◆ WORK REQUEST: Everything in the listing below from the line containing "is_cont_semiring_hom add mul" through the line containing "(forall k, in_pow_max_ideal" must be repeated exactly; the remaining lines are not wanted.

◆ DATA TO USE:

(* A left null vector of 1 - A would be fixed by A^k, which shrinks its l1 norm. *)
Lemma unitmx_1B_contract (A : 'M[R]_m) k eps : 0 < eps ->
  rowbound (mxpow A k) (1 - eps) -> (1%:M - A) \in unitmx.
Proof.
move=> e0 hb; rewrite unitmxE unitfE; apply/negP => /det0P [v vn0 hv].
have vA : v *m A = v.
  by move: hv; rewrite mulmxBr mulmx1 => /eqP; rewrite subr_eq0 => /eqP <-.
have vAk : forall k, v *m mxpow A k = v.
  by elim=> [|k' IH]; rewrite ?mulmx1 // mxpowS mulmxA vA.
set s := \sum_i `|v 0 i|.
have s0 : 0 <= s by apply: sumr_ge0.
have hs : s <= s * (1 - eps).
  rewrite {1}/s -(vAk k); apply: (le_trans (rowsum_mulmx_le _ _ _)).
  rewrite /s mulr_suml; apply: ler_sum => l _; apply: ler_wpM2l => //; exact: hb.
have s00 : s = 0 by nra.
apply: (negP vn0); apply/eqP/matrixP => i j; rewrite mxE ord1.
apply/normr0_eq0/eqP; rewrite eq_le normr_ge0 andbT -s00.
by rewrite /s (bigD1 j) //= lerDl; apply: sumr_ge0.
Qed.

Lemma mxpow_expansion (A B X : 'M[R]_m) T : X = B + A *m X ->
  X = \sum_(t < T) (mxpow A t *m B) + mxpow A T *m X.
Proof.
move=> eX; elim: T => [|T IH]; first by rewrite big_ord0 add0r mul1mx.
rewrite {1}eX {1}IH mulmxDr mulmx_sumr big_ord_recl /= mul1mx -addrA mulmxA.
by congr (_ + (_ + _)); apply: eq_bigr => t _; rewrite mulmxA.
Qed.

Lemma sum_nonneg_mul_ge0 (A : 'M[R]_m) i (G : 'I_m -> R) :
  nonneg A -> (forall j, 0 <= G j) -> 0 <= \sum_j A i j * G j.
Proof. by move=> A0 G0; apply: sumr_ge0 => j _; exact: mulr_ge0. Qed.

(* (1 - A)^-1 B = \sum_(t < T) A^t B + A^T (1 - A)^-1 B, and the remainder is at
   most eps / 2 because the rows of (1 - A)^-1 (B + C) sum to 1. *)
Lemma neumann_sum_ge (A B C : 'M[R]_m) eps T :
  0 < eps -> (1%:M - A) \in unitmx ->
  (forall i, \sum_j (B i j + C i j + A i j) = 1) ->
  (forall i j, eps <= (invmx (1%:M - A) *m B) i j) ->
  (forall i j, eps <= (invmx (1%:M - A) *m C) i j) ->
  rowbound (mxpow A T) (eps / 2) ->
  forall i j, eps / 2 <= \sum_(t < T) (mxpow A t *m B) i j.
Proof.
move=> e0 hU hS hX hY hT i j.
set X := invmx (1%:M - A) *m B; set Y := invmx (1%:M - A) *m C.
have ones : (B + C) *m const_mx 1 = (1%:M - A) *m (const_mx 1 : 'cV[R]_m).
  apply/matrixP => i' k; rewrite !mxE.
  under eq_bigr do rewrite !mxE mulr1.
  under [RHS]eq_bigr do rewrite !mxE mulr1.
  have delta : \sum_j (i' == j)%:R = 1 :> R.
    rewrite (bigD1 i') //= eqxx big1 ?addr0 // => j'.
    by rewrite eq_sym => /negPf ->.
  rewrite sumrB delta.
  have := hS i'; rewrite big_split /=; lra.
have XY : forall i', \sum_j X i' j + \sum_j Y i' j = 1.
  move=> i'; have := congr1 (fun M : 'cV[R]_m => M i' 0)
    (congr1 (mulmx (invmx (1%:M - A))) ones).
  rewrite mulKmx // mulmxA mulmxDr !mxE => <-.
  by rewrite -big_split /=; apply: eq_bigr => j' _; rewrite !mxE mulr1.
have X1 : forall i' j', 0 <= X i' j' <= 1.
  move=> i' j'; have X0 l : 0 <= X i' l by apply: le_trans (hX _ _); lra.
  rewrite X0 /= -(XY i'); apply: (@le_trans _ _ (\sum_j X i' j)).
    by rewrite (bigD1 j') //= lerDl; apply: sumr_ge0.
  by rewrite lerDl; apply: sumr_ge0 => l _; apply: le_trans (hY _ _); lra.
have eX : X = B + A *m X.
  have : (1%:M - A) *m X = B by rewrite /X mulmxA mulmxV // mul1mx.
  by rewrite mulmxBl mul1mx => <-; rewrite subrK.
have hr : (mxpow A T *m X) i j <= eps / 2.
  apply: (le_trans (ler_norm _)); rewrite mxE; apply: (le_trans (ler_norm_sum _ _ _)).
  apply: le_trans (hT i); apply: ler_sum => l _; rewrite normrM.
  rewrite -[Z in _ <= Z]mulr1; apply: ler_wpM2l => //.
  by case/andP: (X1 l j) => X0 X1'; rewrite ger0_norm.
have := hX i j; rewrite -/X {1}(mxpow_expansion _ _ _ T eX) [in Z in Z -> _]mxE summxE.
lra.
Qed.

End Matrices.
Arguments nonneg {R m}.
Arguments rowbound {R m p}.
Arguments sum_nonneg_mul_ge0 {R m A i G}.
Arguments nonneg_mul {R m A B}.
Arguments nonneg_mxpow {R m A}.
Arguments mxnorm_rowbound {R m A c}.
Arguments rowbound_mxpowM {R m A k r q}.
Arguments unitmx_1B_contract {R m A k eps}.
Arguments neumann_sum_ge {R m A B C eps T}.

Section Walk.
Variables (R : realType) (m : nat) (Pm Qm Rm : int -> 'M[R]_m).
Hypothesis kernel_ge0 : forall n i j, 0 <= Pm n i j /\ 0 <= Qm n i j /\ 0 <= Rm n i j.
Hypothesis kernel_sum1 : forall n i, \sum_(j < m) (Pm n i j + Qm n i j + Rm n i j) = 1.

Local Notation S := (int * 'I_m)%type.

Definition Pop (f : S -> R) (x : S) : R :=
  \sum_(d : step m) stepw Pm Qm Rm x d * f (move x d).
Definition Pt n f := iter n Pop f.

Lemma Pm_nonneg n : nonneg (Pm n).
Proof. by move=> i j; case: (kernel_ge0 n i j). Qed.

Lemma Qm_nonneg n : nonneg (Qm n).
Proof. by move=> i j; case: (kernel_ge0 n i j) => _ []. Qed.

Lemma Rm_nonneg n : nonneg (Rm n).
Proof. by move=> i j; case: (kernel_ge0 n i j) => _ []. Qed.

Lemma stepw_ge0 x d : 0 <= stepw Pm Qm Rm x d.
Proof.
rewrite /stepw; case: (nat_of_ord d.1) => [|[|k]];
  [exact: Qm_nonneg | exact: Rm_nonneg | exact: Pm_nonneg].
Qed.

Lemma Pop_split f x : Pop f x =
  \sum_j Qm x.1 x.2 j * f (x.1 - 1, j) + \sum_j Rm x.1 x.2 j * f (x.1, j)
  + \sum_j Pm x.1 x.2 j * f (x.1 + 1, j).
Proof.
rewrite /Pop.
transitivity (\sum_(i < 3) \sum_(j < m) stepw Pm Qm Rm x (i, j) * f (move x (i, j))).
  by rewrite pair_bigA; apply: eq_bigr => -[i j].
rewrite !big_ord_recl big_ord0 addr0 addrA /move /stepw /=.
have e0 : x.1 + 0%:Z - 1 = x.1 - 1 by rewrite addr0.
have e1 : x.1 + 1%:Z - 1 = x.1 by rewrite addrK.
have e2 : x.1 + 2%:Z - 1 = x.1 + 1 by rewrite -addrA.
by rewrite e0 e1 e2.
Qed.

Lemma stepw_sum x : \sum_d stepw Pm Qm Rm x d = 1.
Proof.
transitivity (Pop (fun _ => 1) x).
  by apply: eq_bigr => d _; rewrite mulr1.
rewrite Pop_split -!big_split /= -[RHS](kernel_sum1 x.1 x.2).
by apply: eq_bigr => j _ /=; rewrite !mulr1; ring.
Qed.

Lemma Pop_ext f g x : (forall y, f y = g y) -> Pop f x = Pop g x.
Proof. by move=> fg; apply: eq_bigr => d _; rewrite fg. Qed.

Lemma Pop_le f g x : (forall y, f y <= g y) -> Pop f x <= Pop g x.
Proof. by move=> fg; apply: ler_sum => d _; apply: ler_wpM2l; [exact: stepw_ge0|]. Qed.

Lemma Pop_ge0 f x : (forall y, 0 <= f y) -> 0 <= Pop f x.
Proof. by move=> f0; apply: sumr_ge0 => d _; apply: mulr_ge0; [exact: stepw_ge0|]. Qed.

Lemma Pop_affine a b c f g x :
  Pop (fun y => a * f y + b * g y + c) x = a * Pop f x + b * Pop g x + c.
Proof.
rewrite /Pop; transitivity (\sum_d (a * (stepw Pm Qm Rm x d * f (move x d))
   + b * (stepw Pm Qm Rm x d * g (move x d)) + c * stepw Pm Qm Rm x d)).
  by apply: eq_bigr => d _; ring.
by rewrite !big_split /= -!mulr_sumr stepw_sum mulr1.
Qed.

Lemma Pop_scale a f x : Pop (fun y => a * f y) x = a * Pop f x.
Proof. by rewrite /Pop mulr_sumr; apply: eq_bigr => d _; rewrite mulrCA. Qed.
Definition is_semiring (T : Type) (add mul : T -> T -> T) (z : T) : Prop :=
  [/\ (forall x y z', add x (add y z') = add (add x y) z'),
      (forall x y, add x y = add y x),
      (forall x, add z x = x),
      (forall x y z', mul x (mul y z') = mul (mul x y) z') &
   [/\
      (forall x y z', mul x (add y z') = add (mul x y) (mul x z')),
      (forall x y z', mul (add x y) z' = add (mul x z') (mul y z')) &
      (forall x, mul z x = z /\ mul x z = z)]].

Definition is_tsemiring (T : topologicalType) (add mul : T -> T -> T) (z : T)
  : Prop :=
  [/\ is_semiring add mul z,
      continuous (fun p : T * T => add p.1 p.2) &
      continuous (fun p : T * T => mul p.1 p.2)].

Definition is_cont_semiring_hom (R S : topologicalType)
  (addR mulR : R -> R -> R) (zR : R) (addS mulS : S -> S -> S) (zS : S)
  (f : R -> S) : Prop :=
  [/\ continuous f,
      (forall x y, f (addR x y) = addS (f x) (f y)),
      (forall x y, f (mulR x y) = mulS (f x) (f y)) &
      f zR = zS].

Definition simple_tsemiring (R : topologicalType) (add mul : R -> R -> R)
  (z : R) : Prop :=
  [/\ hausdorff_space R, is_tsemiring add mul z &
   forall (S : topologicalType) (addS mulS : S -> S -> S) (zS : S)
          (f : R -> S),
     hausdorff_space S -> is_tsemiring addS mulS zS ->
     is_cont_semiring_hom add mul z addS mulS zS f ->
     (exists x y, f x <> f y) -> injective f].

Definition is_ideal (T : Type) (add mul : T -> T -> T) (z : T) (A : set T)
  : Prop :=
  [/\ A z,
      (forall a b, A a -> A b -> A (add a b)) &
      (forall r a, A a -> A (mul r a) /\ A (mul a r))].

Definition subtractive (T : Type) (add : T -> T -> T) (A : set T) : Prop :=
  forall x a, A a -> A (add x a) -> A x.
Lemma approx_solution_threshold :
  exists N, forall y', approx_solution N y' -> exists y, exact_solution y.
Proof.
have [[y y_sol]|no_sol] := classic (exists y, exact_solution y).
  by exists 0%N => _ _; exists y.
have [N no_approx] : exists N, ~ exists y', approx_solution N y'.
  by apply: not_all_ex_not => all_approx; apply/no_sol/exact_solution_of_approx_solutions.
by exists N => y' y'_approx; case: no_approx; exists y'.
Qed.

End CoefficientSystem.

Theorem corollary3p7 (K : fieldType) (hK : aleph0_complete K)
  (n m r : nat) (f : 'I_r -> pspoly K n m) (J : 'I_m -> {set 'I_n}) :
  exists nu : mono m -> nat,
    forall (c : mono m) (y' : 'I_m -> ps K n),
      (forall i, in_subring (J i) (y' i)) ->
      (forall k, in_pow_max_ideal (pseval (f k) y') (nu c)) ->
      (forall i, ps_ord_eq (y' i) (c i)) ->
      exists y : 'I_m -> ps K n,
        (forall i, in_subring (J i) (y i)) /\
        (forall k, ps_is0 (pseval (f k) y)) /\
        (forall i, ps_ord_eq (y i) (c i)).
Proof.
have [nu nuP] := functional_choice _ (approx_solution_threshold hK f J).
by exists nu => c y' y'_sub y'_approx y'_ord; exact: nuP (conj y'_sub (conj y'_approx y'_ord)).
Qed.
(* The modulus of strong convexity of [f] along the coupling residual. *)
Definition kappa : R := c / 2 * n%:R^-1.

Lemma kappa_gt0 : 0 < kappa.
Proof. by rewrite mulr_gt0 ?divr_gt0 ?invr_gt0 ?ltr0n. Qed.

Lemma fobjE bt : f bt = n%:R^-1 * (a * ell l X y (usubmx bt) +
  b * ell l Z y (dsubmx bt) + c / 2 * sqnorm (gap bt)).
Proof.
suff -> : gap bt = X *m usubmx bt - Z *m dsubmx bt by [].
by rewrite /gap -{1}(vsubmxK bt) mul_row_col mulNmx.
Qed.

(* s-regularity of [X Z] makes the residual vanish on [Sigma] only at 0. *)
Lemma gap_gt0 bt : feasible bt -> bt != 0 -> 0 < sqnorm (gap bt).
Proof.
move=> fbt bt0; apply: sqnorm_gt0; apply: contra bt0 => /eqP gap0.
have w0 : col_mx (usubmx bt) (- dsubmx bt) = 0.
  apply: s_regular_sparse hreg (leq_add hs1 hs2) (feasible_sparse fbt) _.
  by rewrite mul_row_col mulmxN -mulNmx -mul_row_col vsubmxK; exact: gap0.
move: w0; rewrite -col_mx0 => /eq_col_mx [u0 /eqP]; rewrite oppr_eq0 => /eqP d0.
by rewrite -(vsubmxK bt) u0 d0 col_mx0.
Qed.

Lemma fobj_convex u w t : 0 <= t -> t <= 1 ->
  f (t *: u + (1 - t) *: w) <=
  t * f u + (1 - t) * f w - t * (1 - t) * kappa * sqnorm (gap (u - w)).
Proof.
move=> t0 t1; have ninv0 : 0 <= n%:R^-1 :> R by rewrite invr_ge0.
have hX := ler_wpM2l (mulr_ge0 ninv0 (ltW ha)) (ell_convex l X y (usubmx u) (usubmx w) t0 t1).
have hZ := ler_wpM2l (mulr_ge0 ninv0 (ltW hb)) (ell_convex l Z y (dsubmx u) (dsubmx w) t0 t1).
have eU : usubmx (t *: u + (1 - t) *: w) = t *: usubmx u + (1 - t) *: usubmx w.
  by rewrite linearD !linearZ.
have eD : dsubmx (t *: u + (1 - t) *: w) = t *: dsubmx u + (1 - t) *: dsubmx w.
  by rewrite linearD !linearZ.
rewrite !fobjE eU eD /gap mulmxDr mulmxBr -!scalemxAr sqnorm_mix.
by move: hX hZ; rewrite /kappa; lra.
Qed.

(* The segment from [x] to such a
   point stays in [Sigma], and [f] is strictly convex along it. *)
Lemma locmin_lt_supersupport x z d : 0 < d ->
  (forall v, feasible v -> enorm (v - x) < d -> f x <= f v) ->
  feasible z -> (forall j, z j 0 = 0 -> x j 0 = 0) -> z != x -> f x < f z.
Proof.
move=> d0 xmin fz zx zneqx.
have fzx : feasible (z - x).
  by apply: feasible_mono fz => j zj; rewrite !mxE zj zx // subrr.
have K0 : 0 < sqnorm (gap (z - x)) by rewrite gap_gt0 // subr_eq0.
set E := enorm (z - x).
have E0 : 0 < E by rewrite enorm_gt0 // subr_eq0.
set t := d / (d + E).
have t0 : 0 < t by rewrite divr_gt0 ?addr_gt0.
have t1 : t < 1 by rewrite ltr_pdivrMr ?addr_gt0 // mul1r ltrDl.
have fv : feasible (t *: z + (1 - t) *: x).
  by apply: feasible_mono fz => j zj; rewrite !mxE zj zx // !mulr0 addr0.
have dv : enorm (t *: z + (1 - t) *: x - x) < d.
  have -> : t *: z + (1 - t) *: x - x = t *: (z - x).
    by apply/matrixP => i j; rewrite !mxE; ring.
  rewrite enormZ gtr0_norm // -/E /t mulrAC ltr_pdivrMr ?addr_gt0 //.
  by rewrite ltr_pM2l // ltrDr.
have P0 : 0 < t * (1 - t) * kappa * sqnorm (gap (z - x)).
  by rewrite mulr_gt0 // mulr_gt0 ?kappa_gt0 // mulr_gt0 // subr_gt0.
have := fobj_convex z x (ltW t0) (ltW t1); have := xmin _ fv dv => h1 h2.
by rewrite -(ltr_pM2l t0); lra.
Qed.

(* Every local minimizer is strict: nearby feasible points have a larger
   support, so [locmin_lt_supersupport] applies to them. *)
Lemma locmin_isolated x : local_minimizer s1 s2 f x ->
  exists2 d : R, 0 < d & forall z, feasible z -> enorm (z - x) < d -> z <> x ->
    f x < f z.
Proof.
move=> [fx [d d0 xmin]]; have [e e0 xe] := support_stable x.
exists (Num.min d e) => [|z fz zd zx]; first by rewrite lt_min d0 e0.
apply: locmin_lt_supersupport d0 xmin fz _ (introN eqP zx).
apply: xe => j; rewrite distrC; have := enorm_entry (z - x) j; rewrite !mxE => zxj.
by apply: le_lt_trans zxj (lt_le_trans zd _); rewrite ge_min lexx orbT.
Qed.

◆ WRITTEN ANSWER:
     is_cont_semiring_hom add mul z addS mulS zS f ->
     (exists x y, f x <> f y) -> injective f].

Definition is_ideal (T : Type) (add mul : T -> T -> T) (z : T) (A : set T)
  : Prop :=
  [/\ A z,
      (forall a b, A a -> A b -> A (add a b)) &
      (forall r a, A a -> A (mul r a) /\ A (mul a r))].

Definition subtractive (T : Type) (add : T -> T -> T) (A : set T) : Prop :=
  forall x a, A a -> A (add x a) -> A x.
Lemma approx_solution_threshold :
  exists N, forall y', approx_solution N y' -> exists y, exact_solution y.
Proof.
have [[y y_sol]|no_sol] := classic (exists y, exact_solution y).
  by exists 0%N => _ _; exists y.
have [N no_approx] : exists N, ~ exists y', approx_solution N y'.
  by apply: not_all_ex_not => all_approx; apply/no_sol/exact_solution_of_approx_solutions.
by exists N => y' y'_approx; case: no_approx; exists y'.
Qed.

End CoefficientSystem.

Theorem corollary3p7 (K : fieldType) (hK : aleph0_complete K)
  (n m r : nat) (f : 'I_r -> pspoly K n m) (J : 'I_m -> {set 'I_n}) :
  exists nu : mono m -> nat,
    forall (c : mono m) (y' : 'I_m -> ps K n),
      (forall i, in_subring (J i) (y' i)) ->
      (forall k, in_pow_max_ideal (pseval (f k) y') (nu c)) ->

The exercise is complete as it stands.